### REQUIREMENT
Output only the lines of the entries that follow, starting at the one with "revert g; induction" and running down to the one with "Lemma fsum_zero g", both included and unchanged.

### Stored items
BEGIN

Lemma sum8_factor (f1 f2 f3 f4 : 'I_d -> 'I_d -> R) :
  \sum_i1 \sum_j1 \sum_i2 \sum_j2 \sum_i3 \sum_j3 \sum_i4 \sum_j4
    (f1 i1 j1 * f2 i2 j2 * f3 i3 j3 * f4 i4 j4) =
  (\sum_a \sum_b f1 a b) * (\sum_a \sum_b f2 a b) *
  (\sum_a \sum_b f3 a b) * (\sum_a \sum_b f4 a b).
Proof.
have factor_l (P : R) (f : 'I_d -> 'I_d -> R) :
    \sum_a \sum_b P * f a b = P * \sum_a \sum_b f a b.
  by under eq_bigr do rewrite -mulr_sumr; rewrite -mulr_sumr.
have factor_r (P : R) (f : 'I_d -> 'I_d -> R) :
    \sum_a \sum_b f a b * P = (\sum_a \sum_b f a b) * P.
  by under eq_bigr do rewrite -mulr_suml; rewrite -mulr_suml.
under eq_bigr => i1 _ do under eq_bigr => j1 _ do under eq_bigr => i2 _ do
  under eq_bigr => j2 _ do under eq_bigr => i3 _ do under eq_bigr => j3 _ do
  rewrite factor_l.
under eq_bigr => i1 _ do under eq_bigr => j1 _ do under eq_bigr => i2 _ do
  under eq_bigr => j2 _ do rewrite factor_r factor_l.
under eq_bigr => i1 _ do under eq_bigr => j1 _ do rewrite factor_r factor_r factor_l.
by rewrite factor_r factor_r factor_r.
Qed.

End IndexSums.

Section Contraction.
Context {R : comPzRingType} (T : finType).

Definition contr (c c' : T -> T -> R) : R := \sum_I \sum_J c I J * c' I J.

Lemma contrC (c c' : T -> T -> R) : contr c c' = contr c' c.
Proof. by apply: eq_bigr => I _; apply: eq_bigr => J _; rewrite mulrC. Qed.

Lemma contr_sumr (A : finType) (c : T -> T -> R) (P : A -> T -> T -> R) :
  contr c (fun I J => \sum_k P k I J) = \sum_k contr c (P k).
Proof.
rewrite /contr; under eq_bigr => I _ do under eq_bigr => J _ do rewrite mulr_sumr.
by under eq_bigr => I _ do rewrite exchange_big; rewrite exchange_big.
Qed.

Lemma contr_suml (A : finType) (P : A -> T -> T -> R) (c : T -> T -> R) :
  contr (fun I J => \sum_k P k I J) c = \sum_k contr (P k) c.
Proof. by rewrite contrC contr_sumr; under eq_bigr do rewrite contrC. Qed.

Lemma contr_scaler (a : R) (c c' : T -> T -> R) :
  contr c (fun I J => a * c' I J) = a * contr c c'.
Proof.
rewrite /contr mulr_sumr; apply: eq_bigr => I _.
by rewrite mulr_sumr; apply: eq_bigr => J _; rewrite mulrCA.
Qed.

Lemma contr_sub_scaled (a b f : T -> T -> R) (n : R) :
  contr (fun I J => a I J - n * f I J) (fun I J => b I J - n * f I J) =
  contr a b - n * contr a f - n * contr f b + n * n * contr f f.
Proof.
have expand (A B F : R) : (A - n * F) * (B - n * F) =
    A * B - n * (A * F) - n * (F * B) + n * n * (F * F).
  rewrite mulrBl !mulrBr opprB addrA addrAC [A * (n * F)]mulrCA -[n * F * B]mulrA.
  by rewrite mulrACA.
rewrite /contr; under eq_bigr => I _ do under eq_bigr => J _ do rewrite expand.
under eq_bigr => I _ do rewrite big_split /= !sumrB -!mulr_sumr.
by rewrite big_split /= !sumrB -!mulr_sumr.
Qed.

End Contraction.

Section ComplexContraction.
Context {C : numClosedFieldType} (T : finType).
Implicit Types c S F : T -> T -> C.

(* Entrywise complex conjugate; contr c (conjarr c) is the squared
   Hilbert-Schmidt norm of c. *)
Definition conjarr c : T -> T -> C := fun I J => (c I J)^*.

Lemma contr_conj c c' : (contr c c')^* = contr (conjarr c) (conjarr c').
Proof.
rewrite rmorph_sum; apply: eq_bigr => I _.
by rewrite rmorph_sum; apply: eq_bigr => J _; rewrite rmorphM.
Qed.

Lemma contr_conj_eq0 c : contr c (conjarr c) = 0 -> forall I J, c I J = 0.
Proof.
move=> c0 I J.
have ge0 I' J' : 0 <= c I' J' * (c I' J')^* by rewrite -normCK exprn_ge0.
have row0 := psumr_eq0P (fun I' _ => sumr_ge0 _ (fun J' _ => ge0 I' J')) c0.
have := psumr_eq0P (fun J' _ => ge0 I J') (row0 I isT) (i:=J) isT.
by rewrite -normCK => /eqP; rewrite sqrf_eq0 normr_eq0 => /eqP.
Qed.

(* Equality case of Cauchy-Schwarz: if a real array F and an array S have
   the Gram data of S = n F, then indeed S = n F. *)
Lemma eq_scaled_of_contr S F (n a : C) :
  (forall I J, (F I J)^* = F I J) -> n^* = n ->
  contr S (conjarr S) = n * n * a -> contr S F = n * a -> contr F F = a ->
  forall I J, S I J = n * F I J.
Proof.
move=> Freal nreal hSS hSF hFF.
have contr_realr c : contr c (conjarr F) = contr c F.
  by apply: eq_bigr => I _; apply: eq_bigr => J _; rewrite /conjarr Freal.
have a_real : a^* = a by rewrite -hFF contr_conj contr_realr contrC contr_realr.
have hFS : contr F (conjarr S) = n * a.
  by rewrite contrC -contr_realr -contr_conj hSF rmorphM /= nreal a_real.
move=> I J; apply/eqP; rewrite -subr_eq0; apply/eqP; move: I J.
apply: (contr_conj_eq0 (c := fun I J => S I J - n * F I J)).
have -> : contr (fun I J => S I J - n * F I J)
            (conjarr (fun I J => S I J - n * F I J)) =
          contr (fun I J => S I J - n * F I J)
            (fun I J => conjarr S I J - n * F I J).
  by apply: eq_bigr => I _; apply: eq_bigr => J _;
     rewrite /conjarr rmorphB rmorphM /= nreal Freal.
rewrite contr_sub_scaled hSS hSF hFS hFF.
by rewrite mulrA subrr sub0r addNr.
Qed.
End ComplexContraction.
(* Let $G$ be a discrete group and let $X$ be a $G$-boundary such that the action of $G$ on $X$ is not topologically free. Then for every $x\in X$ and every $t_1,\dots,t_n\in G$, the subgroup $\bigcap_{i=1}^n t_iG_xt_i^{-1}$ is non-trivial, where $G_x$ is the stabilizer of $x$. If moreover $G$ has no non-trivial finite normal subgroup, then this intersection is infinite.
   Context: A compact Hausdorff $G$-space $X$ is a $G$-boundary if the action is minimal (every orbit dense) and strongly proximal (for every pair of Borel probability measures $\mu,\nu$ on $X$ there is a net $t_i\in G$ with $\lim t_i\mu=\lim t_i\nu$ weak* ). The action is topologically free if for every $s\in G\setminus\{e\}$ the fixed point set $\{x: sx=x\}$ has empty interior. $G_x=\{s\in G: sx=x\}$. *)

From Stdlib Require Import Reals List.
Open Scope R_scope.

Record is_group (G : Type) (mul : G -> G -> G) (inv : G -> G) (e : G) : Prop := {
  grp_assoc : forall a b c, mul a (mul b c) = mul (mul a b) c;
  grp_idl : forall a, mul e a = a;
  grp_idr : forall a, mul a e = a;
  grp_invl : forall a, mul (inv a) a = e;
  grp_invr : forall a, mul a (inv a) = e }.

Definition is_subgroup {G : Type} (mul : G -> G -> G) (inv : G -> G) (e : G)
  (H : G -> Prop) : Prop :=
  H e /\ (forall a b, H a -> H b -> H (mul a b)) /\ (forall a, H a -> H (inv a)).

Definition is_normal {G : Type} (mul : G -> G -> G) (inv : G -> G)
  (H : G -> Prop) : Prop :=
  forall g h, H h -> H (mul (mul g h) (inv g)).

Definition finite_set {T : Type} (A : T -> Prop) : Prop :=
  exists l : list T, forall a, A a -> In a l.

Definition no_nontrivial_finite_normal {G : Type} (mul : G -> G -> G)
  (inv : G -> G) (e : G) : Prop :=
  forall N : G -> Prop, is_subgroup mul inv e N -> is_normal mul inv N ->
    finite_set N -> forall s, N s -> s = e.

Record is_topology (X : Type) (op : (X -> Prop) -> Prop) : Prop := {
  top_full : op (fun _ => True);
  top_empty : op (fun _ => False);
  top_inter : forall U V, op U -> op V -> op (fun x => U x /\ V x);
  top_union : forall (F : (X -> Prop) -> Prop),
      (forall U, F U -> op U) -> op (fun x => exists U, F U /\ U x) }.

Definition compact_sp {X : Type} (op : (X -> Prop) -> Prop) : Prop :=
  forall (I : Type) (U : I -> X -> Prop), (forall i, op (U i)) ->
    (forall x, exists i, U i x) ->
    exists l : list I, forall x, exists i, In i l /\ U i x.

Definition hausdorff_sp {X : Type} (op : (X -> Prop) -> Prop) : Prop :=
  forall x y, x <> y -> exists U V, op U /\ op V /\ U x /\ V y /\
    (forall z, U z -> V z -> False).

Definition continuous_map {X : Type} (op : (X -> Prop) -> Prop) (f : X -> X) : Prop :=
  forall U, op U -> op (fun x => U (f x)).

Definition continuous_real {X : Type} (op : (X -> Prop) -> Prop) (f : X -> R) : Prop :=
  forall x eps, 0 < eps -> exists U, op U /\ U x /\
    forall y, U y -> Rabs (f y - f x) < eps.

Definition sigma_algebra {X : Type} (S : (X -> Prop) -> Prop) : Prop :=
  S (fun _ => True) /\
  (forall A, S A -> S (fun x => ~ A x)) /\
  (forall A : nat -> X -> Prop, (forall n, S (A n)) -> S (fun x => exists n, A n x)).

Definition borel {X : Type} (op : (X -> Prop) -> Prop) (A : X -> Prop) : Prop :=
  forall S : (X -> Prop) -> Prop, sigma_algebra S -> (forall U, op U -> S U) -> S A.

Definition prob_measure {X : Type} (op : (X -> Prop) -> Prop)
  (mu : (X -> Prop) -> R) : Prop :=
  (forall A, borel op A -> 0 <= mu A) /\
  mu (fun _ => True) = 1 /\
  (forall A : nat -> X -> Prop, (forall n, borel op (A n)) ->
     (forall n m x, n <> m -> A n x -> A m x -> False) ->
     infinite_sum (fun n => mu (A n)) (mu (fun x => exists n, A n x))).

Definition lower_sum {X : Type} (op : (X -> Prop) -> Prop) (mu : (X -> Prop) -> R)
  (f : X -> R) (s : R) : Prop :=
  exists l : list (R * (X -> Prop)),
    (forall p, In p l -> borel op (snd p)) /\
    (forall x, exists p, In p l /\ snd p x) /\
    (forall (i j : nat) x, i <> j -> (i < length l)%nat -> (j < length l)%nat ->
        snd (nth i l (0%R, fun _ => False)) x ->
        snd (nth j l (0%R, fun _ => False)) x -> False) /\
    (forall p x, In p l -> snd p x -> fst p <= f x) /\
    s = fold_right (fun p acc => fst p * mu (snd p) + acc) 0 l.

(* Integral of a bounded Borel function (e.g. continuous on a compact_sp space)
   against a finite measure: supremum of the lower simple sums. *)
Definition integral_is {X : Type} (op : (X -> Prop) -> Prop) (mu : (X -> Prop) -> R)
  (f : X -> R) (v : R) : Prop :=
  is_lub (lower_sum op mu f) v.

Definition push {X : Type} (h : X -> X) (mu : (X -> Prop) -> R) : (X -> Prop) -> R :=
  fun A => mu (fun x => A (h x)).

Record directed (D : Type) (le : D -> D -> Prop) : Prop := {
  dir_inh : inhabited D;
  dir_refl : forall d, le d d;
  dir_trans : forall a b c, le a b -> le b c -> le a c;
  dir_up : forall a b, exists c, le a c /\ le b c }.

Definition weak_star_lim {X : Type} (op : (X -> Prop) -> Prop) {D : Type}
  (le : D -> D -> Prop) (nu : D -> (X -> Prop) -> R) (lam : (X -> Prop) -> R) : Prop :=
  forall f : X -> R, continuous_real op f ->
    forall v, integral_is op lam f v ->
    forall eps, 0 < eps -> exists d0, forall d, le d0 d ->
      forall w, integral_is op (nu d) f w -> Rabs (w - v) < eps.

Definition is_action {G X : Type} (mul : G -> G -> G) (e : G)
  (op : (X -> Prop) -> Prop) (act : G -> X -> X) : Prop :=
  (forall x, act e x = x) /\
  (forall g h x, act (mul g h) x = act g (act h x)) /\
  (forall g, continuous_map op (act g)).

Definition minimal_action {G X : Type} (op : (X -> Prop) -> Prop) (act : G -> X -> X) : Prop :=
  forall x U, op U -> (exists y, U y) -> exists g, U (act g x).

Definition strongly_proximal {G X : Type} (op : (X -> Prop) -> Prop)
  (act : G -> X -> X) : Prop :=
  forall mu nu, prob_measure op mu -> prob_measure op nu ->
    exists (D : Type) (le : D -> D -> Prop) (t : D -> G), directed D le /\
      exists lam, prob_measure op lam /\
        weak_star_lim op le (fun d => push (act (t d)) mu) lam /\
        weak_star_lim op le (fun d => push (act (t d)) nu) lam.

Definition G_boundary {G X : Type} (op : (X -> Prop) -> Prop) (act : G -> X -> X) : Prop :=
  minimal_action op act /\ strongly_proximal op act.

Definition topologically_free {G X : Type} (e : G) (op : (X -> Prop) -> Prop)
  (act : G -> X -> X) : Prop :=
  forall s, s <> e -> forall U, op U -> (forall y, U y -> act s y = y) ->
    forall y, ~ U y.

Definition stabilizer {G X : Type} (act : G -> X -> X) (x : X) : G -> Prop :=
  fun s => act s x = x.

Definition conj_intersection {G X : Type} (mul : G -> G -> G) (inv : G -> G)
  (act : G -> X -> X) (x : X) (ts : list G) : G -> Prop :=
  fun s => forall t, In t ts -> exists h, stabilizer act x h /\ s = mul (mul t h) (inv t).

(* If the action is not topologically free, some [s0 <> e] fixes a nonempty open set [U]
   pointwise. Strong proximality, tested against Urysohn functions, lets one group element
   [g] move finitely many points [t x] simultaneously into [U] (compare the uniform measure
   on these points with a Dirac mass); then [g^-1 s0 g] fixes every [t x], i.e. lies in
   every [t G_x t^-1].
   If such an intersection were finite, adjoining a [g] for which some member moves [g x]
   would strictly shrink it; when no such [g] is left, the intersection consists of elements
   fixing the whole orbit [G x], a finite normal subgroup, hence trivial, contradicting the
   first part. *)

From Stdlib Require Import Reals List Arith Lia Lra Classical ClassicalEpsilon
  FunctionalExtensionality PropExtensionality.
Open Scope R_scope.

Lemma set_ext {X : Type} (A B : X -> Prop) : (forall x, A x <-> B x) -> A = B.
Proof.
  intro H; apply functional_extensionality; intro x.
  apply propositional_extensionality; auto.
Qed.

Definition indic (P : Prop) : R := if excluded_middle_informative P then 1 else 0.

Lemma indic_true (P : Prop) : P -> indic P = 1.
Proof. unfold indic; destruct excluded_middle_informative; tauto. Qed.

Lemma indic_false (P : Prop) : ~ P -> indic P = 0.
Proof. unfold indic; destruct excluded_middle_informative; tauto. Qed.

Lemma indic_bounds (P : Prop) : 0 <= indic P <= 1.
Proof. unfold indic; destruct excluded_middle_informative; lra. Qed.

Definition lsum {A : Type} (f : A -> R) (l : list A) : R :=
  fold_right (fun a acc => f a + acc) 0 l.

Lemma lsum_cons {A} (f : A -> R) a l : lsum f (a :: l) = f a + lsum f l.
Proof. reflexivity. Qed.

Lemma lsum_le {A} (f g : A -> R) l :
  (forall a, In a l -> f a <= g a) -> lsum f l <= lsum g l.
Proof.
  induction l as [|a l IH]; intro H; [simpl; lra|]. rewrite !lsum_cons.
  assert (f a <= g a) by (apply H; left; auto).
  assert (lsum f l <= lsum g l) by (apply IH; intros; apply H; right; auto). lra.
Qed.

Lemma lsum_ext {A} (f g : A -> R) l :
  (forall a, In a l -> f a = g a) -> lsum f l = lsum g l.
Proof. intro H; apply Rle_antisym; apply lsum_le; intros a Ha; rewrite H; auto; lra. Qed.

Lemma lsum_plus {A} (f g : A -> R) l : lsum (fun a => f a + g a) l = lsum f l + lsum g l.
Proof. induction l; simpl; lra. Qed.

Lemma lsum_scal {A} (f : A -> R) c l : lsum (fun a => c * f a) l = c * lsum f l.
Proof. induction l as [|a l IH]; rewrite ?lsum_cons, ?IH; simpl; lra. Qed.

Lemma lsum_comm {A B} (F : A -> B -> R) l1 l2 :
  lsum (fun a => lsum (F a) l2) l1 = lsum (fun b => lsum (fun a => F a b) l1) l2.
Proof.
  induction l1 as [|a l1 IH]; simpl.
  - induction l2; simpl; lra.
  - rewrite IH, <- lsum_plus. reflexivity.
Qed.

Lemma lsum_map {A B} (f : B -> R) (h : A -> B) l : lsum f (map h l) = lsum (fun a => f (h a)) l.
Proof. induction l; simpl; congruence. Qed.

Lemma lsum_const {A} (c : R) (l : list A) : lsum (fun _ => c) l = c * INR (length l).
Proof. induction l as [|a l IH]; [simpl; lra|]. rewrite lsum_cons, IH, length_cons, S_INR. lra. Qed.

Lemma lsum_nonneg {A} (f : A -> R) l : (forall a, In a l -> 0 <= f a) -> 0 <= lsum f l.
Proof. intro H. apply (lsum_le (fun _ => 0)) in H. rewrite lsum_const in H. lra. Qed.

Lemma lsum_le_length_pred {A} (f : A -> R) l y :
  In y l -> (forall a, In a l -> f a <= 1) -> lsum f l <= INR (length l) - 1 + f y.
Proof.
  intros Hy Hf. induction l as [|a l IH]; [contradiction|].
  rewrite lsum_cons, length_cons, S_INR.
  assert (Hl : lsum f l <= INR (length l)).
  { rewrite <- (Rmult_1_l (INR _)), <- lsum_const. apply lsum_le; intros; apply Hf; right; auto. }
  destruct Hy as [<-|Hy]; [lra|].
  assert (f a <= 1) by (apply Hf; left; auto).
  assert (lsum f l <= INR (length l) - 1 + f y) by (apply IH; auto; intros; apply Hf; right; auto).
  lra.
Qed.

Lemma length_pos {A} (l : list A) : l <> nil -> 0 < INR (length l).
Proof. intro H. destruct l; [congruence|]. apply lt_0_INR. simpl; lia. Qed.

Lemma average_near_one_pos {A} (f : A -> R) l y : In y l -> (forall a, In a l -> f a <= 1) ->
  1 - / INR (length l) < lsum f l / INR (length l) -> 0 < f y.
Proof.
  intros Hy Hf Havg. pose proof (lsum_le_length_pred f l y Hy Hf).
  assert (HN : 0 < INR (length l)) by (apply length_pos; intros ->; contradiction).
  apply (Rmult_lt_compat_r (INR (length l))) in Havg; auto.
  replace (lsum f l / INR (length l) * INR (length l)) with (lsum f l) in Havg by (field; lra).
  replace ((1 - / INR (length l)) * INR (length l)) with (INR (length l) - 1) in Havg
    by (field; lra).
  lra.
Qed.

Fixpoint fsum (g : nat -> R) (n : nat) : R :=
  match n with O => 0 | S n' => g O + fsum (fun k => g (S k)) n' end.

Lemma fsum_S g n : fsum g (S n) = fsum g n + g n.
Proof.
  revert g; induction n as [|n IH]; intro g; simpl; [lra|].
  simpl in IH. rewrite (IH (fun k => g (S k))). lra.
Qed.

Lemma sum_f_R0_fsum g n : sum_f_R0 g n = fsum g (S n).
Proof. induction n as [|n IH]; [simpl; lra|]. rewrite (fsum_S g (S n)), <- IH. reflexivity. Qed.

Lemma fsum_zero g n : (forall k, (k < n)%nat -> g k = 0) -> fsum g n = 0.
Proof. induction n as [|n IH]; intro H; [reflexivity|]. rewrite fsum_S, IH, H; auto; lra. Qed.

Lemma fsum_eventually_const g N n :
  (forall k, (N <= k)%nat -> g k = 0) -> (N <= n)%nat -> fsum g n = fsum g N.
Proof. intros H Hn; induction Hn as [|m Hm IH]; [reflexivity|]. rewrite fsum_S, IH, H; [lra|lia]. Qed.

Lemma lsum_fsum {A} (f : A -> R) l d : lsum f l = fsum (fun n => f (nth n l d)) (length l).
Proof. induction l; simpl; [lra|]. rewrite IHl. reflexivity. Qed.

Lemma infinite_sum_eventually_zero g N :
  (forall k, (N <= k)%nat -> g k = 0) -> infinite_sum g (fsum g N).
Proof.
  intros H eps Heps. exists N. intros n Hn.
  rewrite sum_f_R0_fsum, (fsum_eventually_const g N (S n)) by (auto; lia).
  unfold Rdist. rewrite Rminus_diag, Rabs_R0; lra.
Qed.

END

### TASK OUTPUT
  revert g; induction n as [|n IH]; intro g; simpl; [lra|].
  simpl in IH. rewrite (IH (fun k => g (S k))). lra.
Qed.

Lemma sum_f_R0_fsum g n : sum_f_R0 g n = fsum g (S n).
Proof. induction n as [|n IH]; [simpl; lra|]. rewrite (fsum_S g (S n)), <- IH. reflexivity. Qed.

Lemma fsum_zero g n : (forall k, (k < n)%nat -> g k = 0) -> fsum g n = 0.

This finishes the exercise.